Coverage of the crisis in the Eurozone is astonishingly poor.  Commentators scarcely try to analyse the situation properly; instead they revert to one of two unsatisfactory critiques.  First, the Eurosceptic one, is that the Eurozone was always an unworkable idea and the best thing to do is abandon the whole thing.  The alternative, the Europhile critique, is that a currency union without political integration was a major mistake, and the best thing to do is move further towards the political integration of the union.

These positions are both unhelpful.  The Eurosceptics fail to see the benefits of the currency union, the awful logistics involved in unpicking it, or the unsatisfactory nature of floating currencies for most countries.  The Europhiles want to drag European peoples down a road they do not want to go.  There is a third way: that Eurozone governments change their countries’ economic arrangements so that they can live within the currency zone, more or less as it is currently configured.  This crisis is a learning experience.

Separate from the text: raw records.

End Matchings.

(* The seven edges of H; edge 6 is the bridge v3 w1. *)
Definition hend1 (j : nat) : nat := nth 0 [:: 0; 1; 0; 3; 4; 3; 2] j.
Definition hend2 (j : nat) : nat := nth 0 [:: 1; 2; 2; 4; 5; 5; 3] j.

Lemma hend_lt6 j : j < 7 -> [&& hend1 j < 6, hend2 j < 6 & hend1 j != hend2 j].
Proof. by move: j; do 7! case=> //. Qed.

Lemma Hedge_hend j : j < 7 -> Hedge (hend1 j) (hend2 j).
Proof. by move: j; do 7! case=> //. Qed.

Lemma Hedge_lt6 u w : Hedge u w -> (u < 6) && (w < 6).
Proof.
case/or3P=> [/and3P[u3 w3 _]|/and5P[_ -> _ -> _]|/orP[]/andP[/eqP-> /eqP->]] //.
by rewrite (ltn_trans u3) ?(ltn_trans w3).
Qed.

Definition is_hend (j u w : nat) : bool :=
  ((hend1 j == u) && (hend2 j == w)) || ((hend1 j == w) && (hend2 j == u)).

Lemma hend_of_Hedge u w : Hedge u w -> exists2 j, j < 7 & is_hend j u w.
Proof.
move=> uw; have /andP[u6 w6] := Hedge_lt6 uw.
have table : all (fun u => all (fun w => Hedge u w ==>
    has (fun j => is_hend j u w) (iota 0 7)) (iota 0 6)) (iota 0 6) by [].
have := allP table u; rewrite mem_iota u6 => /(_ isT) /allP /(_ w).
by rewrite mem_iota w6 uw => /(_ isT) /hasP[j]; rewrite mem_iota; exists j.
Qed.

Lemma hend_inj j k : j < 7 -> k < 7 ->
  (hend1 j == hend1 k) || (hend1 j == hend2 k) ->
  (hend2 j == hend1 k) || (hend2 j == hend2 k) -> j = k.
Proof.
move=> j7 k7; have table : all (fun j => all (fun k =>
   ((hend1 j == hend1 k) || (hend1 j == hend2 k)) ==>
   ((hend2 j == hend1 k) || (hend2 j == hend2 k)) ==> (j == k)) (iota 0 7)) (iota 0 7).
  by [].
have := allP table j; rewrite mem_iota j7 => /(_ isT) /allP /(_ k).
by rewrite mem_iota k7 => /(_ isT) /implyP jk /jk /implyP kj /kj /eqP.
Qed.

(* A set of edges of H, as seven bits; nested pairs make sums over patterns expand by
   computation. *)
Definition hpattern := (bool * bool * bool * bool * bool * bool * bool)%type.

Definition selected (p : hpattern) (j : nat) : bool :=
  let: (b0, b1, b2, b3, b4, b5, b6) := p in nth false [:: b0; b1; b2; b3; b4; b5; b6] j.

Definition pattern_of (f : nat -> bool) : hpattern := (f 0, f 1, f 2, f 3, f 4, f 5, f 6).

Lemma selected_pattern_of f j : j < 7 -> selected (pattern_of f) j = f j.
Proof. by move: j; do 7! case=> //. Qed.

Lemma pattern_ofK p : pattern_of (selected p) = p.
Proof. by case: p => [[[[[[? ?] ?] ?] ?] ?] ?]. Qed.

Lemma eq_pattern_of (f g : nat -> bool) :
  (forall j, j < 7 -> f j = g j) -> pattern_of f = pattern_of g.
Proof. by move=> fg; rewrite /pattern_of !fg. Qed.

Lemma selected_lt7 p j : selected p j -> j < 7.
Proof.
case: p => [[[[[[? ?] ?] ?] ?] ?] ?]; apply: contraTT; rewrite -leqNgt => j7.
by rewrite /selected nth_default.
Qed.

Definition covered (p : hpattern) (v : nat) : bool :=
  has (fun j => selected p j && ((v == hend1 j) || (v == hend2 j))) (iota 0 7).

Definition hedges_disjoint (j k : nat) : bool :=
  [&& hend1 j != hend1 k, hend1 j != hend2 k, hend2 j != hend1 k & hend2 j != hend2 k].

Definition hmatching (p : hpattern) : bool :=
  all (fun j => all (fun k => (j != k) ==> (selected p j && selected p k) ==>
    hedges_disjoint j k) (iota 0 7)) (iota 0 7).

(* [p] can be the H-part of a maximal matching: it is a matching of H and every edge of H
   has an endpoint covered by [p] or carrying a pendant edge ([leafless] marks the vertices
   without one). *)
Definition admissible (leafless : nat -> bool) (p : hpattern) : bool :=
  hmatching p && all (fun j => ~~ [&& ~~ covered p (hend1 j), ~~ covered p (hend2 j),
                                    leafless (hend1 j) & leafless (hend2 j)]) (iota 0 7).

Lemma coveredP p v :
  reflect (exists2 j, selected p j & (v == hend1 j) || (v == hend2 j)) (covered p v).
Proof.
apply: (iffP hasP) => [[j _ /andP[]]|[j pj vj]]; first by exists j.
by exists j; rewrite ?pj // mem_iota (selected_lt7 pj).
Qed.

Lemma hmatchingP p : reflect
  (forall j k, selected p j -> selected p k -> j != k -> hedges_disjoint j k) (hmatching p).
Proof.
apply: (iffP allP) => [disj j k pj pk jk|disj j _].
  have := disj j; rewrite mem_iota (selected_lt7 pj) => /(_ isT) /allP /(_ k).
  by rewrite mem_iota (selected_lt7 pk) jk pj pk => /(_ isT).
by apply/allP => k _; apply/implyP => jk; apply/implyP => /andP[pj pk]; apply: disj.
Qed.

(* [f v] is the number of pendant edges at the vertex v of H; [pattern_weight f p] counts
   the ways to complete the H-edges [p] to a maximal matching, and [pattern_size f p] is the
   size of each completion. *)
Definition vertex_weight (f : nat -> nat) (p : hpattern) (v : nat) : nat :=
  if covered p v || (f v == 0) then 1 else f v.
Definition leaf_used (f : nat -> nat) (p : hpattern) (v : nat) : nat :=
  ~~ (covered p v || (f v == 0)).

Definition pattern_weight (f : nat -> nat) (p : hpattern) : nat :=
  vertex_weight f p 0 * vertex_weight f p 1 * vertex_weight f p 2 *
  vertex_weight f p 3 * vertex_weight f p 4 * vertex_weight f p 5.
Definition pattern_size (f : nat -> nat) (p : hpattern) : nat :=
  selected p 0 + selected p 1 + selected p 2 + selected p 3 + selected p 4 +
  selected p 5 + selected p 6 +
  (leaf_used f p 0 + leaf_used f p 1 + leaf_used f p 2 +
   leaf_used f p 3 + leaf_used f p 4 + leaf_used f p 5).

Definition mm_count (f : nat -> nat) : nat :=
  \sum_(p | admissible (fun v => f v == 0) p) pattern_weight f p.
Definition mm_size_sum (f : nat -> nat) : nat :=
  \sum_(p | admissible (fun v => f v == 0) p) pattern_size f p * pattern_weight f p.

Lemma sum_prod_bool (A : finType) (F : A * bool -> nat) :
  \sum_(p : A * bool) F p = \sum_(a : A) (F (a, true) + F (a, false)).
Proof.
rewrite (eq_bigr (fun p => F (p.1, p.2))) => [|[]//].
by rewrite -(pair_bigA _ (fun a b => F (a, b))); apply: eq_bigr => a _; rewrite big_bool.
Qed.

Ltac expand_patterns :=
  rewrite /mm_count /mm_size_sum /admissible !big_mkcond !sum_prod_bool !big_bool /=;
  rewrite /pattern_weight /pattern_size /vertex_weight /leaf_used /=.

Lemma pattern_weightE (f : nat -> nat) p : \prod_(v < 6) vertex_weight f p v = pattern_weight f p.
Proof. by rewrite !big_ord_recr big_ord0 /= mul1n. Qed.

Lemma pattern_sizeE (f : nat -> nat) p :
  #|[set j : 'I_7 | selected p j]| + #|[set v : 'I_6 | ~~ (covered p v || (f v == 0))]| =
  pattern_size f p.
Proof.
have card_setE k (P : pred 'I_k) : #|[set j | P j]| = \sum_(j < k) (P j : nat).
  by rewrite -sum1_card big_mkcond; apply: eq_bigr => j _; rewrite inE; case: (P j).
by rewrite !card_setE !big_ord_recr !big_ord0 /= !add0n.
Qed.

Section Encoding.
Variables (n' : nat) (hn : 6 <= n') (att : 'I_n'.+1 -> 'I_6).
Local Notation n := n'.+1.
Local Notation G := (Gedge att).

Definition hvert (k : nat) : 'I_n := inord k.

Lemma hvertK k : k < 6 -> hvert k = k :> nat.
Proof. by move=> k6; rewrite /hvert inordK // ltnS (leq_trans (ltnW k6) hn). Qed.

Lemma hvert_val (x : 'I_n) : x < 6 -> hvert x = x.
Proof. by move=> x6; apply: val_inj; rewrite /= hvertK. Qed.

Lemma hvert_inj k l : k < 6 -> l < 6 -> (hvert k == hvert l) = (k == l).
Proof.
by move=> k6 l6; apply/eqP/eqP => [kl|->] //; rewrite -(hvertK k6) -(hvertK l6) kl.
Qed.

Lemma hvert_neq_leaf k (l : 'I_n) : k < 6 -> 6 <= l -> hvert k != l.
Proof. by move=> k6 l6; apply: contraTneq l6 => <-; rewrite hvertK // -ltnNge. Qed.

Lemma Gedge_hvert k l : k < 6 -> l < 6 -> G (hvert k) (hvert l) = Hedge k l.
Proof.
by move=> k6 l6; rewrite /Gedge !hvertK // k6 l6 (ltn_geF k6) (ltn_geF l6) /= !orbF.
Qed.

Lemma Gedge_leaf (l : 'I_n) : 6 <= l -> G l (hvert (att l)) && G (hvert (att l)) l.
Proof.
move=> l6; have a6 := ltn_ord (att l).
by rewrite /Gedge hvertK // l6 a6 (ltn_geF a6) eqxx !orbT.
Qed.

Definition hedge (j : nat) : {set 'I_n} := [set hvert (hend1 j); hvert (hend2 j)].
Definition leaf_edge (l : 'I_n) : {set 'I_n} := [set hvert (att l); l].

Lemma Gedge_edge_cases s : is_edge G s ->
  (exists2 j, j < 7 & s = hedge j) \/ (exists2 l : 'I_n, 6 <= l & s = leaf_edge l).
Proof.
case/is_edgeP => x [y [-> xy]]; rewrite /Gedge.
case/or3P => [/and3P[x6 y6 /hend_of_Hedge[j j7 /orP[]/andP[/eqP e1 /eqP e2]]]
             |/and3P[x6 y6 /eqP axy]|/and3P[y6 x6 /eqP ayx]].
- by left; exists j; rewrite // /hedge e1 e2 !hvert_val.
- by left; exists j; rewrite // /hedge e1 e2 !hvert_val // setUC.
- by right; exists x; rewrite // /leaf_edge axy hvert_val // setUC.
- by right; exists y; rewrite // /leaf_edge ayx hvert_val.
Qed.

Lemma hedge_lt6 j z : j < 7 -> z \in hedge j -> z < 6.
Proof. by case/hend_lt6/and3P => h1 h2 _; rewrite !inE => /orP[]/eqP->; rewrite hvertK. Qed.

Lemma hvert_in_hedge j k : j < 7 -> k < 6 ->
  (hvert k \in hedge j) = (k == hend1 j) || (k == hend2 j).
Proof. by case/hend_lt6/and3P => h1 h2 _ k6; rewrite !inE !hvert_inj. Qed.

Lemma leaf_in_leaf_edge (l z : 'I_n) : 6 <= z -> (z \in leaf_edge l) = (z == l).
Proof. by move=> z6; rewrite !inE eq_sym (negbTE (hvert_neq_leaf (ltn_ord _) z6)). Qed.

Lemma hvert_in_leaf_edge (l : 'I_n) k : k < 6 -> 6 <= l ->
  (hvert k \in leaf_edge l) = (k == att l).
Proof.
by move=> k6 l6; rewrite !inE hvert_inj ?ltn_ord // (negbTE (hvert_neq_leaf k6 l6)) orbF.
Qed.

Lemma is_edge_hedge j : j < 7 -> is_edge G (hedge j).
Proof.
move=> j7; have /and3P[h1 h2 h12] := hend_lt6 j7.
apply/is_edgeP; exists (hvert (hend1 j)), (hvert (hend2 j)).
by rewrite hvert_inj // Gedge_hvert // Hedge_hend.
Qed.

Lemma is_edge_leaf_edge (l : 'I_n) : 6 <= l -> is_edge G (leaf_edge l).
Proof.
move=> l6; apply/is_edgeP; exists (hvert (att l)), l.
by rewrite hvert_neq_leaf ?ltn_ord //; case/andP: (Gedge_leaf l6).
Qed.

Lemma hedge_inj j k : j < 7 -> k < 7 -> hedge j = hedge k -> j = k.
Proof.
move=> j7 k7 jk; have /and3P[h1 h2 _] := hend_lt6 j7.
apply: hend_inj => //; rewrite -hvert_in_hedge // -jk !inE eqxx ?orbT //.
Qed.

Lemma leaf_edge_inj (l l' : 'I_n) : 6 <= l -> leaf_edge l = leaf_edge l' -> l = l'.
Proof.
move=> l6 ll'; have : l \in leaf_edge l' by rewrite -ll' !inE eqxx orbT.
by rewrite leaf_in_leaf_edge // => /eqP.
Qed.

Lemma hedge_neq_leaf_edge j (l : 'I_n) : j < 7 -> 6 <= l -> hedge j != leaf_edge l.
Proof.
move=> j7 l6; apply/negP => /eqP jl.
have : l \in hedge j by rewrite jl !inE eqxx orbT.
by move/(hedge_lt6 j7); rewrite ltnNge l6.
Qed.

Definition nleaves (k : nat) : nat := #|[set x : 'I_n | (6 <= x) && (att x == k :> nat)]|.
Definition leafless (k : nat) : bool := nleaves k == 0.

Lemma leafless_attF (l : 'I_n) : 6 <= l -> leafless (att l) = false.
Proof.
move=> l6; rewrite /leafless /nleaves; apply/negbTE; rewrite -lt0n card_gt0.
by apply/set0Pn; exists l; rewrite inE l6 eqxx.
Qed.

Definition leaf_choices (p : hpattern) (v : 'I_6) : pred (option 'I_n) :=
  if covered p v || leafless v then pred1 None
  else [pred o : option 'I_n | if o is Some x then (6 <= x) && (att x == v) else false].
Definition code_ok (q : hpattern * {ffun 'I_6 -> option 'I_n}) : bool :=
  admissible leafless q.1 && (q.2 \in family (leaf_choices q.1)).
Definition decode (q : hpattern * {ffun 'I_6 -> option 'I_n}) : {set {set 'I_n}} :=
  [set hedge j | j : 'I_7 & selected q.1 j] :|:
  [set leaf_edge l | l : 'I_n & (6 <= l) && (q.2 (att l) == Some l)].
Definition leaf_choice (M : {set {set 'I_n}}) : {ffun 'I_6 -> option 'I_n} :=
  [ffun v : 'I_6 => [pick x : 'I_n | (6 <= x) && ([set hvert v; x] \in M)]].
Definition encode (M : {set {set 'I_n}}) : hpattern * {ffun 'I_6 -> option 'I_n} :=
  (pattern_of (fun j => hedge j \in M), leaf_choice M).

Lemma att_of_matched_leaf (M : {set {set 'I_n}}) (v : 'I_6) (x : 'I_n) : matching G M ->
  6 <= x -> [set hvert v; x] \in M -> att x = v.
Proof.
move=> /matchingP[edgeM _] x6 vxM.
case: (Gedge_edge_cases (edgeM _ vxM)) => [[j j7 vxj]|[l l6 vxl]].
  have : x \in hedge j by rewrite -vxj !inE eqxx orbT.
  by move/(hedge_lt6 j7); rewrite ltnNge x6.
have : x \in leaf_edge l by rewrite -vxl !inE eqxx orbT.
rewrite leaf_in_leaf_edge // => /eqP xl; subst l.
have : hvert v \in leaf_edge x by rewrite -vxl !inE eqxx.
by rewrite hvert_in_leaf_edge // => /eqP vx; apply: val_inj.
Qed.

Lemma selected_encode (M : {set {set 'I_n}}) j :
  selected (encode M).1 j = (j < 7) && (hedge j \in M).
Proof.
case: (ltnP j 7) => j7; first by rewrite selected_pattern_of.
by apply/negP => /selected_lt7; rewrite ltnNge j7.
Qed.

The more far-sighted of the Eurozone’s designers did not want full political integration.  It was never to be a currency zone like the USA, with a federal government able to make massive fiscal transfers across the union to help balance out asymmetric crises.  Instead the single currency, alongside the single market, was meant to act as a discipline on national governments.  This would address the widespread failure of floating currencies, which allowed governments to buy time through currency depreciation rather than addressing economic inefficiency.  This was a process leading inexorably to hyperinflation and economic collapse – which was very clearly beckoning for Portugal in particular before the Euro project was taken on board.

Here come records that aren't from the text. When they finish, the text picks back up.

(* Let $G_1$ and $G_2$ be two disjoint $(k+1)$-critical hypergraphs with $k\ge2$, let $\tilde e\in E(G_1)$, let $\tilde v$ be a low vertex of $G_2$, and let $s$ be any admissible map for $(\tilde e,G_2,\tilde v)$. Then $G=S(G_1,\tilde e,G_2,\tilde v,s)$ is $(k+1)$-critical, and $\partial_G(V(G_1))$ is a separating edge set of $G$ of size $k$.
   Context: A hypergraph is a pair $G=(V,E)$ of finite sets with $E\subseteq 2^V$ and $|e|\ge2$ for all $e\in E$. A coloring requires every edge to contain two vertices of different colors; $\chi$ is the chromatic number. $G$ is $(k+1)$-critical if $\chi(G)=k+1$ but $\chi(H)\le k$ for every proper subhypergraph $H$. In a $(k+1)$-critical hypergraph, a low vertex is one of degree exactly $k$ (degree = number of edges containing it). $\partial_G(X)$ is the set of edges meeting both $X$ and $V(G)\setminus X$; $\partial_G(v)=\partial_G(\{v\})$. A separating edge set is $F\subseteq E(G)$ such that $G-F$ has more components than $G$. Splitting: let $G_1,G_2$ be disjoint hypergraphs, $\tilde e\in E(G_1)$, $\tilde v\in V(G_2)$, and $s:\partial_{G_2}(\tilde v)\to 2^{\tilde e}$ a map (called admissible) with $s(e)\ne\varnothing$ for all $e$ and $\bigcup_{e}s(e)=\tilde e$. Then $S(G_1,\tilde e,G_2,\tilde v,s)$ is the hypergraph with vertex set $V(G_1)\cup(V(G_2)\setminus\{\tilde v\})$ and edge set $(E(G_1)\setminus\{\tilde e\})\cup(E(G_2)\setminus\partial_{G_2}(\tilde v))\cup\{(e\setminus\{\tilde v\})\cup s(e): e\in\partial_{G_2}(\tilde v)\}$. *)

From mathcomp Require Import all_boot.
Set Implicit Arguments. Unset Strict Implicit. Unset Printing Implicit Defensive.

Record hypergraph (T : finType) := Hypergraph { hV : {set T}; hE : {set {set T}} }.

Definition is_hypergraph (T : finType) (G : hypergraph T) : Prop :=
  forall e, e \in hE G -> e \subset hV G /\ 2 <= #|e|.

Definition colorable (T : finType) (G : hypergraph T) (m : nat) : Prop :=
  exists f : T -> nat, (forall x, x \in hV G -> f x < m) /\
    forall e, e \in hE G -> exists x y, [/\ x \in e, y \in e & f x != f y].

Definition chromatic_number (T : finType) (G : hypergraph T) (m : nat) : Prop :=
  colorable G m /\ forall j, colorable G j -> m <= j.

Definition subhypergraph (T : finType) (H G : hypergraph T) : Prop :=
  is_hypergraph H /\ hV H \subset hV G /\ hE H \subset hE G.

Definition proper_subhypergraph (T : finType) (H G : hypergraph T) : Prop :=
  subhypergraph H G /\ H <> G.

Definition critical (T : finType) (G : hypergraph T) (k : nat) : Prop :=
  chromatic_number G k.+1 /\
  forall H, proper_subhypergraph H G -> exists j, chromatic_number H j /\ j <= k.

Definition degree (T : finType) (G : hypergraph T) (v : T) : nat :=
  #|[set e in hE G | v \in e]|.

Definition low_vertex (T : finType) (G : hypergraph T) (k : nat) (v : T) : Prop :=
  v \in hV G /\ degree G v = k.

Definition boundary (T : finType) (G : hypergraph T) (X : {set T}) : {set {set T}} :=
  [set e in hE G | (e :&: X != set0) && (e :&: (hV G :\: X) != set0)].

Definition hadj (T : finType) (G : hypergraph T) : rel T :=
  fun x y => [&& x \in hV G, y \in hV G & [exists e in hE G, (x \in e) && (y \in e)]].

Definition components (T : finType) (G : hypergraph T) : {set {set T}} :=
  [set [set y in hV G | connect (hadj G) x y] | x in hV G].

Definition delete_edges (T : finType) (G : hypergraph T) (F : {set {set T}}) :=
  Hypergraph (hV G) (hE G :\: F).

Definition separating (T : finType) (G : hypergraph T) (F : {set {set T}}) : Prop :=
  F \subset hE G /\ #|components G| < #|components (delete_edges G F)|.

Definition admissible (T : finType) (et : {set T}) (G2 : hypergraph T) (v : T)
    (s : {set T} -> {set T}) : Prop :=
  (forall e, e \in boundary G2 [set v] -> s e \subset et /\ s e != set0) /\
  \bigcup_(e in boundary G2 [set v]) s e = et.

Definition split_hg (T : finType) (G1 : hypergraph T) (et : {set T})
    (G2 : hypergraph T) (v : T) (s : {set T} -> {set T}) : hypergraph T :=
  Hypergraph (hV G1 :|: (hV G2 :\ v))
    ((hE G1 :\ et) :|: (hE G2 :\: boundary G2 [set v])
       :|: [set (e :\ v) :|: s e | e in boundary G2 [set v]]).

From mathcomp Require Import all_boot.
From Stdlib Require Import Classical Lia.
Set Implicit Arguments. Unset Strict Implicit. Unset Printing Implicit Defensive.

(* Every edge of S = S(G1, et, G2, v, s) comes from an edge of G1 other than et, from an
   edge of G2 avoiding v, or from an edge e at v by replacing v with s e; the last kind form
   the boundary of V(G1), and there are deg v = k of them.
   A k-colouring of S either makes et bichromatic, and then colours G1, or constant on et,
   and then colours G2 once v receives that constant colour; so chi(S) > k.
   Deleting an edge f of S leaves a k-colourable hypergraph.  If f comes from G2, colour
   G2 - f and G1 - et (where et is monochromatic) and permute the colours of G1 so that et
   gets the colour of v.  If f comes from G1, colour G1 - f (where et is bichromatic) and
   G2 - v: there every edge e at the low vertex v is monochromatic on e - v, each colour
   occurring for exactly one e, and a Hall-type matching permutes the colours of G2 so that
   no s e is monochromatic in the colour of e - v.  As S has no isolated vertex, it is
   (k+1)-critical, and its nonempty boundary is a separating edge set. *)

Section Colorings.
Variable T : finType.
Implicit Types (G H : hypergraph T) (f g : T -> nat) (e A : {set T}).

Definition monochromatic f e := [forall x in e, forall y in e, f x == f y].

Definition proper_coloring G m f : Prop :=
  (forall x, x \in hV G -> f x < m) /\ (forall e, e \in hE G -> ~~ monochromatic f e).

Lemma monochromaticPn f e :
  reflect (exists x y, [/\ x \in e, y \in e & f x != f y]) (~~ monochromatic f e).
Proof.
apply: (iffP forall_inPn) => [[x xe /forall_inPn[y ye ne]]|[x [y [xe ye ne]]]].
  by exists x, y.
by exists x => //; apply/forall_inPn; exists y.
Qed.

Lemma monochromatic_at f e x :
  x \in e -> monochromatic f e = [forall y in e, f y == f x].
Proof.
move=> xe; apply/forall_inP/forall_inP => [mono y ye|same y ye].
  by have /forall_inP/(_ x xe) := mono y ye.
by apply/forall_inP => z ze; rewrite (eqP (same y ye)) (eqP (same z ze)).
Qed.

Lemma monochromatic_eq_in f g e :
  {in e, f =1 g} -> monochromatic f e = monochromatic g e.
Proof.
move=> fg; apply: eq_forallb_in => x xe; apply: eq_forallb_in => y ye.
by rewrite !fg.
Qed.

Lemma monochromatic_comp_in (P : pred nat) (sigma : nat -> nat) f e :
  {in P &, injective sigma} -> {in e, forall x, P (f x)} ->
  monochromatic (sigma \o f) e = monochromatic f e.
Proof.
move=> sigma_inj fP; apply: eq_forallb_in => x xe; apply: eq_forallb_in => y ye.
by apply/eqP/eqP => [/sigma_inj eq_sigma|/= -> //]; exact: eq_sigma (fP x xe) (fP y ye).
Qed.

Lemma monochromatic_splice f g e S v :
  v \in e -> S != set0 -> {in e :\ v, f =1 g} -> {in S, forall z, f z = g v} ->
  monochromatic f ((e :\ v) :|: S) = monochromatic g e.
Proof.
move=> ve /set0Pn[w wS] fg fS.
rewrite (monochromatic_at _ (_ : w \in _)) ?inE ?wS ?orbT // (monochromatic_at _ ve).
rewrite fS //; apply/forall_inP/forall_inP => [same y ye|same y].
  case: (eqVneq y v) => [-> //|yv].
  by rewrite -fg ?inE ?yv ?ye // same // !inE yv ye.
rewrite !inE => /orP[/andP[yv ye]|yS]; last by rewrite fS.
by rewrite fg ?inE ?yv ?ye // same.
Qed.

Lemma setD1_neq0 A x : 1 < #|A| -> A :\ x != set0.
Proof.
rewrite -card_gt0 => A_gt1; move: (cardsD1 x A) A_gt1 => ->.
by case: (x \in A) => //= /ltnW.
Qed.

Lemma colorableP G m : colorable G m <-> exists f, proper_coloring G m f.
Proof.
by split=> -[f [Hv He]]; exists f; split=> // e /He /monochromaticPn.
Qed.

Lemma colorable_leq G m n : m <= n -> colorable G m -> colorable G n.
Proof. by move=> le [f [Hv He]]; exists f; split=> // x /Hv/leq_trans; apply. Qed.

Lemma colorable_sub G H m :
  hV H \subset hV G -> hE H \subset hE G -> colorable G m -> colorable H m.
Proof.
by move=> /subsetP sV /subsetP sE [f [Hv He]]; exists f; split=> [x /sV/Hv|e /sE/He].
Qed.

Lemma exists_chromatic_number G m :
  colorable G m -> exists2 j, chromatic_number G j & j <= m.
Proof.
elim/ltn_ind: m => m IH colm.
case: (classic (exists2 j, colorable G j & j < m)) => [[j colj lt_jm]|no_smaller].
  have [i chi_i le_ij] := IH j lt_jm colj.
  by exists i => //; exact: leq_trans le_ij (ltnW lt_jm).
exists m => //; split=> // j colj; rewrite leqNgt; apply/negP => lt_jm.
by apply: no_smaller; exists j.
Qed.

Lemma hypergraph_eq G H : hV G = hV H -> hE G = hE H -> G = H.
Proof. by case: G H => VG EG [VH EH] /= -> ->. Qed.

Definition del_edge G e := Hypergraph (hV G) (hE G :\ e).

Lemma del_edge_proper G e :
  is_hypergraph G -> e \in hE G -> proper_subhypergraph (del_edge G e) G.
Proof.
move=> hypG eE; split; first split.
- by move=> f; rewrite inE => /andP[_]; exact: hypG.
- by rewrite subxx subsetDl.
move=> eq; have : e \in hE (del_edge G e) by rewrite eq.
by rewrite !inE eqxx.
Qed.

Discipline was required in two particular areas: government finances and labour markets.  In the former case discipline is to be provided by the threat of default; in the zone it was impossible to evade default by debauching the currency.  The consquences of a sovereign default are very severe, and European leaders sought to prevent it through the muddled Growth & Stability Pact, which sought to restrict deficits and levels of government debt.  For labour markets the discipline was that without flexible labour markets, economies would become uncompetitive, creating unemployment.

But things went badly wrong almost immediately.  Bond markets did not seem to believe the default story, as spreads between the more creditworthy governments (like Germany) and the less so (Italy and Greece) were impossibly narrow.  Governments in the shakier countries (especially Italy, Portugal and Greece) found it much too easy to borrow cheaply and used this as an excuse for not proceeding with reform.

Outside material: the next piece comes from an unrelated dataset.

(* Let $(X,\mathrm{dist})$ be a metric space and $\Sigma$ a compact metric space. Let $T(h):\Sigma\to\Sigma$, $h\ge0$, be a semigroup with $T(h)\Sigma=\Sigma$ for all $h\ge0$, and let $\{U_\sigma(t,\tau)\}_{\sigma\in\Sigma}$ be a family of processes on $X$ satisfying $U_\sigma(h+t,h+\tau)=U_{T(h)\sigma}(t,\tau)$ for all $\sigma\in\Sigma$, $h\ge0$, $t\ge\tau$. Assume the family is uniformly asymptotically compact, with uniform global attractor $A_\Sigma$. Assume there exists $h_\star>0$ such that the maps $(x,\sigma)\mapsto U_\sigma(h_\star,0)x$ from $X\times\Sigma$ to $X$ and $\sigma\mapsto T(h_\star)\sigma$ from $\Sigma$ to $\Sigma$ are closed. Then $A_\Sigma=\bigcup_{\sigma\in\Sigma}\mathcal{K}_\sigma(0)$.
   Context: A process on $X$ is a family of maps $U(t,\tau):X\to X$, indexed by reals $t\ge\tau$, with $U(\tau,\tau)=\mathrm{id}_X$ and $U(t,\tau)=U(t,s)U(s,\tau)$ for $t\ge s\ge\tau$. For nonempty $B,C\subset X$, $\delta_X(B,C)=\sup_{x\in B}\inf_{\xi\in C}\mathrm{dist}(x,\xi)$. A set $K\subset X$ is uniformly attracting for the family if for every bounded $C\subset X$, $\lim_{t-\tau\to\infty}\sup_{\sigma\in\Sigma}\delta_X(U_\sigma(t,\tau)C,K)=0$. The family is uniformly asymptotically compact if there is a compact uniformly attracting set; the uniform global attractor $A_\Sigma$ is the compact uniformly attracting set contained in every compact uniformly attracting set. A map $f:Y\to Z$ between metric spaces is closed if $f(y)=z$ whenever $y_n\to y$ and $f(y_n)\to z$. For fixed $\sigma\in\Sigma$, a complete bounded trajectory of $U_\sigma(t,\tau)$ is a function $x:\mathbb{R}\to X$ with $\{x(s)\}_{s\in\mathbb{R}}$ bounded and $x(s)=U_\sigma(s,\tau)x(\tau)$ for all $s\ge\tau$, $\tau\in\mathbb{R}$. The kernel section at time $t$ is $\mathcal{K}_\sigma(t)=\{x(t): x \text{ is a complete bounded trajectory of } U_\sigma(t,\tau)\}$. *)

From Stdlib Require Import Reals List.
Open Scope R_scope.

Labour markets were largely untouched by reform, as were other economic inflexibilities.  This caused major problems in Spain, Portugal, Italy and Greece whose economies became increasingly uncompetitive.  Only one country (apart from Ireland perhaps) really grasped the implications of living inside the Euro, and that was Germany.  After unification the German economy lost competitiveness and unemployment became a real problem.  But through its system of corporate deal-making between employers and unions, pay was restrained and other reforms instituted.  Competitiveness was duly restored, as was employment.  Unfortunately that made things worse for the laggards.

While the Eurozone had proved a failure in these two areas it proved a bit too successful in another: capital flows.  There was a lot of reckless lending, with quasi-public banks in Germany in prominence.  Capital flowed freely to countries, like Spain and Ireland, that didn’t really deserve it, allowing problems to be hidden in a property bubble.  And then Pop!  The Eurozone has lurched from one crisis to the next.

But the basic idea remains intact.  Markets now fully appreciate the risks of default and are pricing debt accordingly.  This is applying pressure on governments like Italy’s that the Growth & Stability Pact simply could not.  And the pressure to make market reforms is likewise proving unbearable.  It’s been a horrible experience for many, but this is not a structural failure: it’s a learning curve.

So what next?  The Greek government must default, and default properly (i.e. the principal must be cut rather than repayment simply deferred).  Maybe it will be forced out of the Euro.  If so, it will be a terrible example.  Some eurosceptics make it all sound rather easy (“decouple, default, devalue”), but it involves the utter collapse of the Greek economy with private savings being wiped out.  The hope would be that it would be easier to rebuild from the ashes than interminable limping along inside the zone.  Portugal and Ireland (whose crime was not to manage its banking system properly) may also go through some form of de-facto default.  But they will stay in the zone.  Portugal must go through a painful period of reforms, but at least for them this path is clearly better than being outside the Euro.

Meanwhile the Euro governments need to keep “kicking the can down the road”.  This is not as short-sighted as it sounds, since with each kick the various parties invovled understand the situation better and what needs to be done.  The default word is now openly talked of.  German bluster over not bailing out the profligate is gradually having to come to terms with the role German banks played in the disaster.  There is learning for the Germans too.  Bold decisive action can be disastrous – it didn’t help the Irish.  This way things are properly thought through.

Reforms?  Fiscal reforms are unnecessary.  But the banking system does need serious attention.  The regulatory system is badly coordinated.  There are too many cosy quasi-public banks who have been allowed to make silly investments.  Banks remain largely national affairs, with only a limited number of transnationals.  There is strong case for a centralised banking regulator.  And cross-border banking mergers need to be encouraged.

But the Eurozone is not dead; and neither are we on the verge of a more centralised European government.